En base a su compromiso numero 50 y como ciudadano de la República Mexicana, exijo que el Presidente Legítimo de México, Andres Manuel Lopez Obrador sea sometido a un refrendo de mandato.
El siguiente texto corresponde a la página oficial del Gobierno Legítimo de México:
Como se hizo en el Distrito Federal, y llevando a cabo las reformas legales necesarias, el Presidente de la República se someterá al principio de la revocación del mandato.
Al cumplirse tres años, se hará una consulta con una sola pregunta: ¿Quieres que continúe en su cargo el Presidente de la República o que se le revoque el mandato?
El pueblo es soberano: así como otorga un mandato, puede retirarlo. El pueblo pone y el pueblo quita.
Reforma Constitucional
para Incorporar la Revocación del Mandato
en el Sistema Presidencial
La revocación es un método democrático que obliga a los representantes electos a someterse al refrendo del mandato que les otorgó el electorado. Consideramos que hacer la reforma constitucional necesaria para incorporar la revocación del mandato en nuestro sistema presidencial, contribuirá a la construcción de una gobernabilidad democrática más eficiente.
En nuestra historia política contemporánea en diversas ocasiones se ha demostrado que el periodo presidencial de seis años puede resultar excesivamente largo. Hoy que tenemos elecciones federales competidas este problema se complica aún más. Ello, en virtud de que la elección intermedia de diputados federales puede dar por resultado que el partido político que postuló al Presidente de la República pierda esta elección y, en consecuencia, se reduzca la capacidad política que requiere el cargo para el cual fue electo tres años antes.

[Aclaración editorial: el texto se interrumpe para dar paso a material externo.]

Lemma surplus_coords_count n ai S : 0 < n -> ai \in D x1 y1 x2 y2 x3 z3 al1 al2 al3 n.-1 ->
  uniq S -> 0 < size S -> {subset S <= A x1 y1 x2 y2 x3 z3 al1 al2 al3 n} ->
  (size S).+1 <= size [seq c <- coords S | c \notin coords_pt ai].
Proof.
move=> n0; rewrite -realize_D => /mapP[s sD ->] uS S0 S_A.
have [r0 r05 S_r0] : exists2 r0, r0 < 5 & pt x1 y2 x3 z3 al1 al2 al3 n r0 \in S.
  case: S S0 S_A {uS} => [//|p S'] _ S_A.
  have /mapP[r0 + p_r0] := A_sub n0 (S_A p (mem_head p S')).
  by rewrite mem_iota => /andP[_ r05]; exists r0; rewrite // -p_r0 mem_head.
have fresh_s c : coord_ok c ->
    (realize_coord c \notin coords_pt (realize s)) = (c \notin coords_pt s).
  by move=> ok; rewrite coords_pt_realize mem_realize_coord ?(sD_coord_ok sD).
have [e e4 /andP[e_fresh e_low]] := escape_coord n0 sD.
have /andP[d_r0 d_hi] := surplus_coord_spec n r05.
have d_ok := coord_ok_spt n0 r05 d_r0.
rewrite -addn1 -[1]/(size [:: surplus_coord n r0]).
apply: (count_fresh (m := surplus_match n e r0) n0 uS S_A).
- move=> r r5; have [mr m_fresh] := surplus_match_spec r0 e4 r5.
  rewrite mr fresh_s ?(coord_ok_spt n0 r5 mr) //.
  by case: m_fresh => [-> // | /(high_index_fresh n0 sD)].
- by rewrite /= d_ok.
- exact: surplus_uniq.
- move=> _ /mapP[_ /predU1P[-> | //] ->].
  rewrite mem_filter fresh_s // (high_index_fresh n0 sD d_hi) /=.
  apply/coordsP; exists (pt x1 y2 x3 z3 al1 al2 al3 n r0) => //.
  by rewrite -realize_pt coords_pt_realize; exact: map_f.
Qed.

End Realization.

Theorem mainTheorem2 (X1 X2 X3 : eqType)
  (x1 y1 : X1) (x2 y2 : X2) (x3 z3 : X3)
  (al1 : nat -> X1) (al2 : nat -> X2) (al3 : nat -> X3)
  (Hxy1 : x1 != y1)
  (Hal1 : forall m m', 0 < m -> 0 < m' -> m %% 5 \in [:: 1; 4] -> m' %% 5 \in [:: 1; 4] ->
            al1 m = al1 m' -> m = m')
  (Hal1x : forall m, 0 < m -> m %% 5 \in [:: 1; 4] -> (al1 m != x1) && (al1 m != y1))
  (Hxy2 : x2 != y2)
  (Hal2 : forall m m', 0 < m -> 0 < m' -> m %% 5 \in [:: 2; 0] -> m' %% 5 \in [:: 2; 0] ->
            al2 m = al2 m' -> m = m')
  (Hal2x : forall m, 0 < m -> m %% 5 \in [:: 2; 0] -> (al2 m != x2) && (al2 m != y2))
  (Hxz3 : x3 != z3)
  (Hal3 : forall m m', 0 < m -> 0 < m' -> m %% 5 == 3 -> m' %% 5 == 3 ->
            al3 m = al3 m' -> m = m')
  (Hal3x : forall m, 0 < m -> m %% 5 == 3 -> (al3 m != x3) && (al3 m != z3))
  (n : nat) (Hn : 1 <= n) :
  let Dn1 := D x1 y1 x2 y2 x3 z3 al1 al2 al3 n.-1 in
  let An := A x1 y1 x2 y2 x3 z3 al1 al2 al3 n in
  (forall S : seq (Omega X1 X2 X3), uniq S -> 1 <= size S -> {subset S <= An} ->
     size S <= size [seq c <- coords S | c \notin coords Dn1])
  /\
  (forall ai, ai \in Dn1 ->
   forall S : seq (Omega X1 X2 X3), uniq S -> 1 <= size S -> {subset S <= An} ->
     (size S).+1 <= size [seq c <- coords S | c \notin coords_pt ai]).
Proof.
split=> [S uS _ S_A | ai ai_D S uS S0 S_A].
- exact: (new_coords_count Hxy1 Hal1 Hal1x Hxy2 Hal2 Hal2x Hxz3 Hal3 Hal3x Hn uS S_A).
- exact: (surplus_coords_count Hxy1 Hal1 Hal1x Hxy2 Hal2 Hal2x Hxz3 Hal3 Hal3x Hn ai_D uS S0 S_A).
Qed.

La posibilidad de que el electorado revoque el mandato presidencial una vez que se han cumplido tres años de gobierno, es una reforma que resolvería estas circunstancias. Al establecer esta institución democrática en nuestro sistema político, se reafirmaría el poder electoral como el origen de todos los poderes, los ciudadanos tendrían oportunidad de decidir directamente si prefieren que termine el mandato un presidente interino, nombrado de acuerdo con nuestra constitución por la coalición que domine en el Congreso; o sí el presidente en funciones, no obstante estar en minoría, debe continuar en el cargo. En ambos casos evitaríamos el estancamiento y tendríamos, durante el último trienio, un presidente de la República con respaldo político, capacidad de propuesta y de ejecución.